(* Every non-identity term of the Leibniz expansion of det (1 + Y) contains at
   least two off-diagonal entries, each raising the valuation by t once the
   shifts a telescope around the permutation. *)
Lemma det_oneD_sub_prod (N : int) : (forall z : int, t *+ 2 <= z%:~R -> N <= z) ->
  Pk N (\det (1%:M + Y) - \prod_i (1 + Y i i)).
Proof.
move=> hN; rewrite /determinant (bigD1 1%g) //= odd_perm1 expr0 mul1r.
under eq_bigr do rewrite perm1 !mxE eqxx.
rewrite addrC addrK; apply: inPk_sum => s s1.
rewrite -[N]add0r; apply: inPkM.
  by right; case: (odd_perm s); rewrite ?expr0 ?expr1 ?val1 ?valN1.
have [/forallP nz|] := boolP [forall i, (1%:M + Y) i (s i) != 0]; last first.
  rewrite negb_forall => /existsP[i /negPn/eqP fi0].
  by left; rewrite (bigD1 i) //= fi0 mul0r.
right; have [_ ->] := val_prod (index_enum _) nz; apply: hN.
rewrite (big_morph _ (@intrD R) (erefl 0%:~R)).
apply: le_trans (sum_moved_ge t_ge0 s1) _.
apply: le_trans (ler_sum _ (fun i _ => val_oneD_entry_ge (nz i))).
rewrite big_split /= sumrB [X in _ - X](reindex_inj (@perm_inj _ s)) /=.
by rewrite subrr addr0.
Qed.

End DetOneD.

Definition res_eqb (x y : F) : bool := `[< Pk 1 (x - y) >].

Lemma res_eqP x y : reflect (Pk 1 (x - y)) (res_eqb x y).
Proof. exact: asboolP. Qed.

Lemma res_eq_refl x : res_eqb x x.
Proof. by apply/res_eqP; rewrite subrr; left. Qed.

Lemma res_eq_sym x y : res_eqb x y -> res_eqb y x.
Proof. by move/res_eqP/inPkN; rewrite opprB => /res_eqP. Qed.

Lemma res_eq_trans x y z : res_eqb x y -> res_eqb y z -> res_eqb x z.
Proof.
move=> /res_eqP h1 /res_eqP h2; apply/res_eqP.
by have := inPkD h1 h2; rewrite addrA subrK.
Qed.

Fixpoint res_reps (s : seq F) : seq F :=
  if s is a :: s' then
    (if has (res_eqb a) (res_reps s') then res_reps s' else a :: res_reps s')
  else [::].

Lemma res_reps_subset s : {subset res_reps s <= s}.
Proof.
elim: s => [//|a s IH] x /=; case: ifP => _; first by move/IH; rewrite inE orbC => ->.
by rewrite !inE => /orP[->//|/IH ->]; rewrite orbT.
Qed.

Lemma res_reps_complete s a : a \in s -> exists2 b, b \in res_reps s & res_eqb a b.
Proof.
elim: s => [//|c s IH] /=; rewrite inE => /orP[/eqP ->|aS].
  case: ifP => [/hasP[b bin cb]|_]; first by exists b.
  by exists c; rewrite ?inE ?eqxx // res_eq_refl.
have [b bin cb] := IH aS; case: ifP => _; first by exists b.
by exists b => //; rewrite inE bin orbT.
Qed.

Lemma res_reps_uniq s : uniq (res_reps s).
Proof.
elim: s => [//|a s IH] /=; case: ifP => // /negbT hn /=; rewrite IH andbT.
by apply: contra hn => ain; apply/hasP; exists a => //; apply: res_eq_refl.
Qed.

Lemma res_reps_inj s a b :
  a \in res_reps s -> b \in res_reps s -> res_eqb a b -> a = b.
Proof.
elim: s => [//|c s IH] /=; case: ifP => [_|/negbT hn]; first exact: IH.
rewrite !inE => /orP[/eqP->|ain] /orP[/eqP->|bin] //.
- by move=> cb; case/hasP: hn; exists b.
- by move/res_eq_sym => cb; case/hasP: hn; exists a.
- exact: IH.
Qed.

Section ResidueDuality.
Variables (C : numFieldType) (psi : F -> C).
Hypothesis psiD : forall x y, psi (x + y) = psi x * psi y.
Hypothesis psiP : forall x, Pk 1 x -> psi x = 1.
Hypothesis psi_nontriv : exists x, Pk 0 x /\ psi x != 1.
Variable s : seq F.
Hypothesis s_inO : forall a, a \in s -> Pk 0 a.
Hypothesis s_cover : forall x, Pk 0 x -> exists2 a, a \in s & Pk 1 (x - a).

Lemma psi0 : psi 0 = 1.
Proof. by apply: psiP; left. Qed.

Lemma psiNK x : psi (- x) * psi x = 1.
Proof. by rewrite -psiD addNr psi0. Qed.

Local Notation T := (res_reps s).

Lemma reps_inO a : a \in T -> Pk 0 a.
Proof. by move/res_reps_subset/s_inO. Qed.

Lemma reps_cover x : Pk 0 x -> has (res_eqb x) T.
Proof.
move=> /s_cover[a ain /res_eqP ca]; have [b bin cab] := res_reps_complete ain.
by apply/hasP; exists b => //; apply: (@res_eq_trans _ a) => //; apply/res_eqP.
Qed.

Definition rep x := nth 0 T (find (res_eqb x) T).

Lemma mem_rep x : Pk 0 x -> rep x \in T.
Proof. by move/reps_cover => h; rewrite /rep mem_nth // -has_find. Qed.

Lemma res_eq_rep x : Pk 0 x -> res_eqb x (rep x).
Proof. by move/reps_cover => h; apply: nth_find. Qed.

Lemma sum_reps_shift (f : F -> C) y :
  (forall a b, Pk 0 a -> Pk 0 b -> Pk 1 (a - b) -> f a = f b) -> Pk 0 y ->
  \sum_(a <- T) f (a + y) = \sum_(a <- T) f a.
Proof.
move=> fper yO; pose sg a := rep (a + y).
have aO a : a \in T -> Pk 0 (a + y).
  by move/reps_inO => ?; rewrite -[0]addr0; apply: inPkD.
rewrite (eq_big_seq (fun a => f (sg a))); last first.
  move=> a aT; apply: fper; [exact: aO|exact/reps_inO/mem_rep/aO|].
  exact/res_eqP/res_eq_rep/aO.
rewrite -(big_map sg xpredT f); apply: perm_big.
have sg_inj : {in T &, injective sg}.
  move=> a b aT bT e; apply: (res_reps_inj aT bT).
  have h1 := res_eq_rep (aO _ aT); have h2 := res_eq_rep (aO _ bT).
  rewrite /sg in e; rewrite e in h1.
  move/res_eqP: (res_eq_trans h1 (res_eq_sym h2)).
  by rewrite opprD addrACA subrr addr0 => /res_eqP.
have sg_uniq : uniq (map sg T) by rewrite map_inj_in_uniq // res_reps_uniq.
have sg_sub : {subset map sg T <= T} by move=> b /mapP[a aT ->]; apply/mem_rep/aO.
have [_ eqi] := uniq_min_size sg_uniq sg_sub (eq_leq (esym (size_map _ _))).
exact: uniq_perm sg_uniq (res_reps_uniq s) eqi.
Qed.

Lemma sum_reps_char_eq0 (h : F -> C) :
  (forall a b, Pk 0 a -> Pk 0 b -> h (a + b) = h a * h b) ->
  (forall a, Pk 1 a -> h a = 1) ->
  forall y, Pk 0 y -> h y != 1 -> \sum_(a <- T) h a = 0.
Proof.
move=> hD hP y yO hy.
have hper a b : Pk 0 a -> Pk 0 b -> Pk 1 (a - b) -> h a = h b.
  move=> aO bO ab; have abO : Pk 0 (a - b) by apply: inPkW ab.
  by rewrite -(subrK b a) (hD _ _ abO bO) (hP _ ab) mul1r.
have := @sum_reps_shift h y hper yO.
rewrite (eq_big_seq (fun a => h a * h y)); last by move=> a /reps_inO aO; rewrite hD.
rewrite -mulr_suml => /eqP; rewrite -subr_eq0 -{2}[\sum_(a <- T) h a]mulr1 -mulrBr.
by rewrite mulf_eq0 subr_eq0 (negbTE hy) orbF => /eqP.
Qed.

Lemma sum_reps_psi x : Pk 0 x ->
  \sum_(c <- T) psi (- (c * x)) = if res_eqb x 0 then (size T)%:R else 0.
Proof.
move=> xO; case: ifP => [/res_eqP|/negbT/res_eqP]; rewrite subr0 => xP.
  rewrite -count_predT -sumr_const_seq.
  apply: eq_big_seq => c /reps_inO cO; apply/psiP/inPkN.
  by rewrite -[1]add0r; apply: inPkM.
have x0 : x != 0 by apply: contra_not_neq xP => ->; left.
have vx : v x = 0.
  case: xO => [/eqP|]; first by rewrite (negbTE x0).
  rewrite le_eqVlt => /orP[/eqP <-//|vx_gt0]; case: xP; right.
  by move: (v x) vx_gt0 => a ?; lia.
have [z [zO pz]] := psi_nontriv.
apply: (@sum_reps_char_eq0 (fun c => psi (- (c * x))) _ _ (- z / x)).
- by move=> a b _ _; rewrite mulrDl opprD psiD.
- by move=> a aP; apply/psiP/inPkN; rewrite -[1]addr0; apply: inPkM aP xO.
- have z0 : z != 0 by apply: contraNneq pz => ->; rewrite psi0.
  right; rewrite vM ?oppr_eq0 ?invr_eq0 // valN valV // vx oppr0 addr0.
  exact: inPk_val_ge zO.
- by rewrite /= mulfVK // opprK.
Qed.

______________________________

Task to complete ▸ The lines to show are those in the data above that include "eqxx".

Worked solution ▸
under eq_bigr do rewrite perm1 !mxE eqxx.
  by exists c; rewrite ?inE ?eqxx // res_eq_refl.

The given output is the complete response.